Le mercredi 7 mars à Paris, veille de la Journée internationale de la femme, le collectif Féministes en mouvements, qui fédère quarante-cinq associations, va organiser une rencontre avec les candidats en vue d'«imposer l'égalité femmes-hommes à l'agenda de la campagne présidentielle», explique Caroline de Haas, l'une des animatrices du collectif. Le 28 février, seuls trois candidats – de gauche – avaient répondu à l'appel: François Hollande, Eva Joly et Jean-Luc Mélenchon.

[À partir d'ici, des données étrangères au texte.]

Hypothesis Hvar : forall s t i, dom l w s t -> (i < 4)%nat ->
  ptV gamma s t i = frame_comb (beta1 s t) (beta2 s t) (beta3 s t) (beta4 s t)
                      (T s t) (N s t) (B1 s t) (B2 s t) i.

Lemma smooth_ex_derive_s wd f s t : smooth_on U f -> dom l w s t ->
  ex_derive (fun x => iter_partial wd f x t) s.
Proof. intros Hf Hd; exact (proj1 (Hf wd (s, t) (HU s t Hd))). Qed.

Lemma smooth_ex_derive_t wd f s t : smooth_on U f -> dom l w s t ->
  ex_derive (fun y => iter_partial wd f s y) t.
Proof. intros Hf Hd; exact (proj1 (proj2 (Hf wd (s, t) (HU s t Hd)))). Qed.

Lemma ps_ext_dom (f g : R -> R -> R) s t : dom l w s t ->
  (forall a, dom l w a t -> f a t = g a t) ->
  ex_derive (fun a => f a t) s -> ex_derive (fun a => g a t) s -> ps f s t = ps g s t.
Proof.
intros [Hs Ht] Hfg; apply (Derive_ext_interval _ _ 0 l); [exact Hl|exact Hs|].
intros a Ha; apply Hfg; split; assumption.
Qed.

Lemma pt_ext_dom (f g : R -> R -> R) s t : dom l w s t ->
  (forall b, dom l w s b -> f s b = g s b) ->
  ex_derive (fun b => f s b) t -> ex_derive (fun b => g s b) t -> pt f s t = pt g s t.
Proof.
intros [Hs Ht] Hfg; apply (Derive_ext_interval _ _ t ((t + w) / 2)); [lra|lra|].
intros b Hb; apply Hfg; split; [assumption|lra].
Qed.
(* Let $\mathcal{B}$ and $\mathcal{B}'$ be the periodic $0$-th barcodes derived from periodic merge trees $\mathcal{M}$ and $\mathcal{M}'$. If $\mathcal{M}'$ splinters $\mathcal{M}$, then $\mathcal{B}'=\mathcal{B}$.
   Context: Each periodic merge tree is $\mathcal{M}(F,\Lambda)$ for a $d$-dimensional lattice $\Lambda\subseteq\mathbb{R}^d$ and a $\Lambda$-periodic filter $F$ on a $\Lambda$-periodic locally finite cell complex $K$ ($\sigma+u\in K$, $F(\sigma+u)=F(\sigma)$ for $u\in\Lambda$; $F(\sigma)\le F(\tau)$ for faces $\sigma$ of $\tau$): the merge tree of the quotient filter $F/\Lambda$ on the finite quotient complex $K/\Lambda$, i.e. the quotient of $\{(x,s): x\in(K/\Lambda)_s\}$ (sublevel sets) by $(x,s)\sim(y,t)$ iff $s=t$ and $x,y$ lie in the same component of $(K/\Lambda)_s$, with height $h$ (the $s$-coordinate); points are identified with components; $B$ covers $A$ if $h(A)\le h(B)$, $A\subseteq B$. Its frequency $\Phi(\Gamma)=\frac{\mathrm{vol}_p(\Lambda_\Gamma)}{\mathrm{vol}_d(\Lambda)}\nu_{d-p}R^{d-p}$, where, with $\phi\colon\mathbb{R}^d\to\mathbb{R}^d/\Lambda$ the projection, $\Lambda_\Gamma=\{u\in\Lambda:\gamma+u=\gamma\}$ for a component $\gamma$ of $\phi^{-1}(\Gamma)$, $p=\dim\Lambda_\Gamma$, $\mathrm{vol}_q$ is the $q$-volume of a unit cell ($\mathrm{vol}_0(\{0\})=1$), $\nu_q$ the volume of the unit $q$-ball. Monomials ordered by $tR^a<sR^b$ iff $a<b$, or $a=b$ and $t<s$. Interleaving distance: continuous maps $\varphi\colon\mathcal{M}\to\mathcal{M}'$, $\psi\colon\mathcal{M}'\to\mathcal{M}$ are $\varepsilon$-compatible if $h'\circ\varphi=h+\varepsilon$, $h\circ\psi=h'+\varepsilon$, $\psi\varphi(\Gamma)$ covers $\Gamma$, $\varphi\psi(\Gamma')$ covers $\Gamma'$, $\Phi'(\varphi(\Gamma))\le\Phi(\Gamma)$, $\Phi(\psi(\Gamma'))\le\Phi'(\Gamma')$; $d_I$ is the infimum of such $\varepsilon\ge 0$. $\mathcal{M}_\Gamma$ is the subtree of points covered by $\Gamma$. $\mathcal{M}'$ splinters $\mathcal{M}$ if there is a continuous surjection $\omega\colon\mathcal{M}'\to\mathcal{M}$ with $h\circ\omega=h'$ such that for every $\Gamma\in\mathcal{M}$ and all $A,B\in\omega^{-1}(\Gamma)$: $d_I(\mathcal{M}'_A,\mathcal{M}'_B)=0$, $\omega$ maps each of $\mathcal{M}'_A,\mathcal{M}'_B$ onto $\mathcal{M}_\Gamma$, and $\Phi'(A)=\Phi'(B)=\Phi(\Gamma)/|\omega^{-1}(\Gamma)|$. Periodic $0$-th barcode of $\mathcal{M}$: decompose $\mathcal{M}$ into beams by the elder rule: each point of minimal height (component appearing at a vertex) starts a beam, continuing through the points covering it; where two beams meet, the beam whose start has larger height ends (ties broken arbitrarily) and the other continues; the beam with globally minimal start continues to $+\infty$. An epoch is a maximal interval of a beam with constant frequency. For each epoch starting at $A$ and ending when entering $B$ (where the frequency changes or the beam ends; $h(B)=\infty$ if never), on a beam starting at $C$, with $\Phi(A)=s\,\nu_{d-p}R^{d-p}$, add bar $[h(C),h(B))$ with multiplicity $s$ and, if $h(A)>h(C)$, bar $[h(C),h(A))$ with multiplicity $-s$ to the $(d-p)$-ary barcode, the function $\beta_{d-p}\colon\mathbb{R}\times(-\infty,\infty]\to\mathbb{R}$ sending $(b,e)$ to the total multiplicity of its bars $[b,e)$. The periodic $0$-th barcode is $(\beta_0,\dots,\beta_d)$. *)

From HB Require Import structures.
From mathcomp Require Import all_boot all_order all_algebra.
From mathcomp Require Import all_classical all_reals.
From mathcomp Require Import ereal topology normedtype.
Set Implicit Arguments. Unset Strict Implicit. Unset Printing Implicit Defensive.
Import Order.TTheory GRing.Theory Num.Theory.
Import numFieldNormedType.Exports.
Local Open Scope classical_set_scope.
Local Open Scope ring_scope.
(* Each edge contributes opposite amounts to the Laplacians at its two ends. *)
Lemma sum_lapW W x : \sum_(u in W) lapW e W x u = 0.
Proof.
have [e_sym _] := e_multigraph.
set S := \sum_(u in W) _; have : S = - S.
  rewrite {1}/S; under eq_bigr => u _ do rewrite lapW_diff.
  rewrite exchange_big /= /S -sumrN; apply: eq_bigr => u _.
  rewrite lapW_diff -sumrN; apply: eq_bigr => w _.
  by rewrite e_sym -mulNr opprB.
move/eqP; rewrite -subr_eq0 opprK -mulr2n -mulr_natr mulf_eq0 /= orbF.
by move/eqP.
Qed.

End Laplacian.

Definition principalW (V : finType) (e : V -> V -> nat) (W : {set V})
  (h : divisor V) : Prop :=
  exists x, forall u, u \in W -> h u = lapW e W x u.

Section PrincipalDivisors.

Variables (V : finType) (e : V -> V -> nat) (W : {set V}).
Implicit Types (f g h : divisor V).

Lemma eq_principalW h h' :
  (forall u, u \in W -> h u = h' u) -> principalW e W h -> principalW e W h'.
Proof. by move=> hh [x hx]; exists x => u uW; rewrite -hh // hx. Qed.

Lemma principalW0 : principalW e W (fun _ => 0).
Proof. by exists (fun _ => 0) => u _; rewrite /lapW mul0r big1 ?subr0. Qed.

Lemma principalWD h h' :
  principalW e W h -> principalW e W h' -> principalW e W (fun u => h u + h' u).
Proof.
move=> [x hx] [y hy]; exists (fun w => x w + y w) => u uW.
by rewrite lapWD -hx -?hy.
Qed.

«Malgré les avancées, les inégalités demeurent criantes entre les femmes et les hommes. Et la crise économique, financière, sociale, écologique que nous traversons les accroît, poursuit-elle. Les femmes représentent plus la moitié de l'électorat et sont les premières touchées par la crise. Il est temps que les candidat(e)s à la présidentielle se le rappellent. Nous les exhortons à faire de l'égalité femmes-hommes, condition indispensable du progrès social, une priorité politique nationale.»
A ces fins, Féministes en mouvements fait circuler sur Internet une lettre ouverte aux candidats où sont listées «dix mesures prioritaires à court terme». Parmi lesquelles, la création d'un ministère des Droits des femmes, une surcotisation sur les temps partiels, l'ouverture de 500 000 places en crèche, le remboursement à 100% de l'IVG et la création de 4 500 places d'accueil pour les femmes victimes de violences conjugales.

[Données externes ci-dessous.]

Lemma gordan k r c : exists2 G, (forall g, g \in G -> cone_points k r c g) &
  forall u, cone_points k r c u -> generated_by G u.
Proof.
(* Slack coordinates w (k + j) = c_j . u turn the inequalities into
   equations, so the lifted set is closed under subtraction. *)
pose P := [set w | supported (k + r) w /\
  forall j, (j < r)%N -> Posz (w (k + j)%N) = lincomb k (c j) w].
have [||B BP genB] := subtractive_generated (K := k + r) (P := P).
- by move=> w [].
- move=> w b [w_supp wc] [b_supp bc] /lefP bw; split=> [i ki|j jr].
    by rewrite w_supp.
  rewrite -subzn // wc // bc // /lincomb -sumrB.
  by apply: eq_bigr => i _; rewrite -subzn // mulrBl.
exists [seq truncate k b | b <- B].
  move=> _ /mapP [b /BP [_ bc] ->]; split=> [i ki|j jr].
    by rewrite /truncate ltnNge ki.
  by rewrite lincomb_truncate -bc.
move=> u [u_supp uc].
pose w i := if (i < k)%N then u i
  else if (i < k + r)%N then `|lincomb k (c (i - k)%N) u|%N else 0%N.
have Pw : P w.
  split=> [i kri|j jr].
    by rewrite /w ltnNge (leq_trans (leq_addr r k) kri) ltnNge kri.
  rewrite /w ltnNge leq_addr ltn_add2l jr addKn (@lincomb_eq _ _ w u).
    by rewrite gez0_abs // uc.
  by move=> i ik; rewrite /w ik.
have [l lB wl] := genB w Pw.
exists [seq truncate k b | b <- l] => [_ /mapP [b bl ->]|i]; first exact/map_f/lB.
rewrite big_map /truncate; case: ltnP => ik.
  by rewrite -wl /w ik.
by rewrite u_supp // big1.
Qed.

Section Monomials.
Variables (G : groupType) (h : seq G).
Hypothesis h_comm : forall i j, commute (nth 1%g h i) (nth 1%g h j).

Definition prod_pows (s : seq nat) (u : nat -> nat) : G :=
  foldr (fun i x => nth 1 h i ^+ u i * x)%g 1%g s.

Definition monomial (u : nat -> nat) : G := prod_pows (iota 0 (size h)) u.

Lemma commute_prod_pows x s u :
  (forall i, commute x (nth 1%g h i)) -> commute x (prod_pows s u).
Proof.
move=> xh; elim: s => [|i s IH] /=; first exact: commute1.
by apply: commuteM => //; apply: commuteX.
Qed.

Lemma prod_powsD s u v :
  prod_pows s (fun i => u i + v i)%N = (prod_pows s u * prod_pows s v)%g.
Proof.
elim: s => [|i s IH] /=; first by rewrite mulg1.
rewrite IH expgnDr -!mulgA; congr (_ * _)%g; rewrite !mulgA; congr (_ * _)%g.
by apply: commute_prod_pows => j; apply/commute_sym/commuteX/commute_sym.
Qed.

Lemma prod_pows0 s : prod_pows s (fun=> 0%N) = 1%g.
Proof. by elim: s => [|i s IH] //=; rewrite IH mulg1. Qed.

Lemma prod_pows_delta s i : uniq s ->
  prod_pows s (fun j => (j == i) : nat) = if i \in s then nth 1%g h i else 1%g.
Proof.
elim: s => [|j s IH] //= /andP [js us]; rewrite IH // in_cons.
by case: (eqVneq j i) => [<-|ji] /=; rewrite ?(negbTE js) ?mulg1 ?mul1g.
Qed.

Lemma monomial_sum l u : (forall i, u i = \sum_(b <- l) b i)%N ->
  monomial u = prodg [seq monomial b | b <- l].
Proof.
elim: l u => [|b l IH] u ul /=.
  rewrite -(prod_pows0 (iota 0 (size h))); congr prod_pows.
  by apply/funext => i; rewrite ul big_nil.
rewrite -(IH (fun i => \sum_(b <- l) b i)%N) // /monomial -prod_powsD.
by congr prod_pows; apply/funext => i; rewrite ul big_cons.
Qed.

Lemma word_monomial l : {subset l <= h} ->
  exists2 u, supported (size h) u & prodg l = monomial u.
Proof.
elim: l => [|y l IH] lh /=.
  by exists (fun=> 0%N) => //; rewrite /monomial prod_pows0.
have [|u u_supp ->] := IH; first by move=> z zl; apply: lh; rewrite in_cons zl orbT.
have yh : y \in h by apply: lh; rewrite in_cons eqxx.
exists (fun j => (j == index y h) + u j)%N.
  move=> j hj; rewrite u_supp // addn0; case: eqP => // jy.
  by move: hj; rewrite jy leqNgt index_mem yh.
rewrite /monomial prod_powsD prod_pows_delta ?iota_uniq // mem_iota add0n.
by rewrite index_mem yh nth_index.
Qed.

Lemma fg_monoid_cone_image (M : set G) r c :
  (forall u, cone_points (size h) r c u -> M (monomial u)) ->
  (forall x, M x -> exists2 u, cone_points (size h) r c u & x = monomial u) ->
  fg_monoid M.
Proof.
move=> M_cone cone_M; have [gens gens_cone cone_gens] := gordan (size h) r c.
exists [seq monomial g | g <- gens]; split=> [_ /mapP [g /gens_cone Cg ->]|x].
  exact: M_cone.
move=> /cone_M [u /cone_gens [l lG ul] ->]; exists [seq monomial b | b <- l].
split=> [_ /mapP [b /lG bG ->]|]; [exact: map_f | exact: monomial_sum].
Qed.

End Monomials.

Local Open Scope ring_scope.

Section AffineAction.
Variables (R : realType) (n : nat) (W : groupType).
Variables (lin : W -> 'M[R]_n) (tr : W -> 'rV[R]_n).
Hypothesis lin_unit : forall w, lin w \in unitmx.
Hypothesis aff_actM : forall w1 w2 v,
  aff_act lin tr (w1 * w2)%g v = aff_act lin tr w1 (aff_act lin tr w2 v).

Lemma trM w1 w2 : tr (w1 * w2)%g = tr w2 *m lin w1 + tr w1.
Proof. by have := aff_actM w1 w2 0; rewrite /aff_act !mul0mx !add0r. Qed.

Lemma linM w1 w2 : lin (w1 * w2)%g = lin w2 *m lin w1.
Proof.
apply/row_matrixP => i; rewrite !rowE.
have := aff_actM w1 w2 (delta_mx 0 i); rewrite /aff_act trM mulmxDl -mulmxA addrA.
by move/addIr/addIr.
Qed.

Lemma lin1 : lin 1%g = 1%:M.
Proof.
have lin11 := linM 1%g 1%g; rewrite mulg1 in lin11.
by rewrite -[LHS]mul1mx -(mulVmx (lin_unit 1%g)) -mulmxA -lin11.
Qed.

Lemma tr1 : tr 1%g = 0.
Proof.
have := trM 1%g 1%g; rewrite mulg1 lin1 mulmx1 => tr11.
by apply: (addrI (tr 1%g)); rewrite addr0 -tr11.
Qed.

Definition is_translation (x : W) := lin x = 1%:M.

Lemma is_translation1 : is_translation 1%g.
Proof. exact: lin1. Qed.

Lemma is_translationM x y :
  is_translation x -> is_translation y -> is_translation (x * y)%g.
Proof. by rewrite /is_translation linM => -> ->; rewrite mulmx1. Qed.

Lemma is_translationV x : is_translation x -> is_translation (x^-1)%g.
Proof.
by rewrite /is_translation => x1; have := linM x x^-1; rewrite mulgV lin1 x1 mulmx1.
Qed.

Lemma tr_translationM x y : is_translation x -> tr (x * y)%g = tr x + tr y.
Proof. by rewrite trM => ->; rewrite mulmx1 addrC. Qed.

Lemma is_translationX x m : is_translation x -> is_translation (x ^+ m)%g.
Proof.
move=> x1; elim: m => [|m IH]; first exact: is_translation1.
by rewrite expgS; apply: is_translationM.
Qed.

Lemma tr_translationX x m : is_translation x -> tr (x ^+ m)%g = m%:R *: tr x.
Proof.
move=> x1; elim: m => [|m IH]; first by rewrite expg0 tr1 scale0r.
by rewrite expgS tr_translationM // IH mulrS scalerDl scale1r.
Qed.

Section TranslationProducts.
Variable h : seq W.
Hypothesis h_translation : forall i, is_translation (nth 1%g h i).

Lemma is_translation_prod_pows s u : is_translation (prod_pows h s u).
Proof.
elim: s => [|i s IH] /=; first exact: is_translation1.
exact/is_translationM/IH/is_translationX.
Qed.

Lemma tr_prod_pows s u :
  tr (prod_pows h s u) = \sum_(i <- s) (u i)%:R *: tr (nth 1%g h i).
Proof.
elim: s => [|i s IH]; first by rewrite big_nil tr1.
rewrite big_cons -IH -tr_translationX // -tr_translationM //.
exact: is_translationX.
Qed.

End TranslationProducts.
End AffineAction.

Section LinearForms.
Variables (R : realType) (n : nat).

Lemma lform_is_linear (a : 'cV[R]_n) : linear_for *%R (lform a).
Proof. by move=> c u v; rewrite /lform mulmxDl -scalemxAl !mxE. Qed.

HB.instance Definition _ (a : 'cV[R]_n) :=
  GRing.isLinear.Build R 'rV[R]_n R *%R (lform a) (lform_is_linear a).

Lemma lformZl (c : R) (a : 'cV[R]_n) v : lform (c *: a) v = c * lform a v.
Proof. by rewrite /lform -scalemxAr mxE. Qed.

Lemma lform_continuous (a : 'cV[R]_n) : continuous (lform a).
Proof.
have -> : lform a = fun v => \sum_j v 0 j * a j 0.
  by apply/funext => v; rewrite /lform mxE.
apply: continuous_big => [|j _ v]; first exact: add_continuous.
by apply: continuousM; [exact: coord_continuous | exact: cst_continuous].
Qed.

Lemma line_continuous (p q : 'rV[R]_n) : continuous (fun t : R => p + t *: q).
Proof. by move=> t; apply: cvgD; [exact: cvg_cst | exact: scalel_continuous]. Qed.

Definition regular_points (als : seq 'cV[R]_n) : set 'rV[R]_n :=
  [set v | forall a, a \in als -> lform a v != 0].

Section PositiveChamber.
Variables (als : seq 'cV[R]_n) (d : 'rV[R]_n).
Hypothesis als_pos : forall a, a \in als -> 0 < lform a d.
Local Notation C := (connected_component (regular_points als) d).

Si l'on en juge par une enquête sur les droits des femmes dans la campagne présidentielle menée par l'institut CSA les 15 et le 16 février pour Terrafemina, il ressort que pour une majorité de Français, quatre mesures sont considérées comme prioritaires: l'égalité salariale entre hommes et femmes à poste équivalent (pour 75% des Français et 79% des femmes), des condamnations plus sévères pour les hommes coupables de violences conjugales (68%), des aides spécifiques pour les femmes qui élèvent seules leurs enfants (57% des Français et 62% des femmes) et la valorisation des retraites pour les femmes qui s'arrêtent ou réduisent leur activité professionnelle pour élever leurs enfants (57%).
Entre décalage et paradoxe
Pour autant, l'étude CSA révèle qu'un tiers des Français (34%) interrogés sur le candidat qui serait le plus à l'écoute en matière de droits des femmes n'en cite aucun! Les femmes sont encore plus circonspectes: 39% n'accordent leur préférence à aucun candidat sur ces sujets (pour 28% des hommes). «Dans ce contexte, les préférences exprimées recoupent en grande partie la proximité politique des répondants», souligne Nicolas Fert, chargé d'études chez CSA. Ainsi, François Hollande est perçu comme le candidat le plus à l'écoute en matière de droits des femmes, même s'il ne recueille que 15% des citations (22% chez les ouvriers), devant Eva Joly et François Bayrou (10% chacun), Nicolas Sarkozy (9%), Marine Le Pen (8%) et Jean-Luc Mélenchon (4%). Pour la féministe Caroline de Haas, «il y a un décalage et un paradoxe entre la société qui a compris que l'égalité était un sujet-clé et les politiques qui ne l'ont pas intégré».
Parole d'expert
Nicolas Fert, chargé d'études au département politique-opinion de CSA
«Pas un enjeu de campagne»
«Pour près de quatre femmes sur dix, aucun candidat ne ressort comme étant le plus à l'écoute des droits des femmes. Les plus jeunes sont plus circonspectes que leurs aînées, héritières des combats pour la libération de la femme: 47% des 18-24 ans ne citent aucun candidat, pour 35% des 50-64 ans. Un clivage intergénérationnel qui apparaît plus prononcé que celui des hommes. Ces derniers ayant intégré, dans une moindre mesure, la plupart des revendications des femmes. Les droits des femmes n'apparaissent pas aujourd'hui comme un élément de clivage idéologique en vue de la présidentielle. Mais ce n'est pas parce que ces sujets ne semblent pas être un enjeu de campagne qu'ils ne sont pas un enjeu de société.»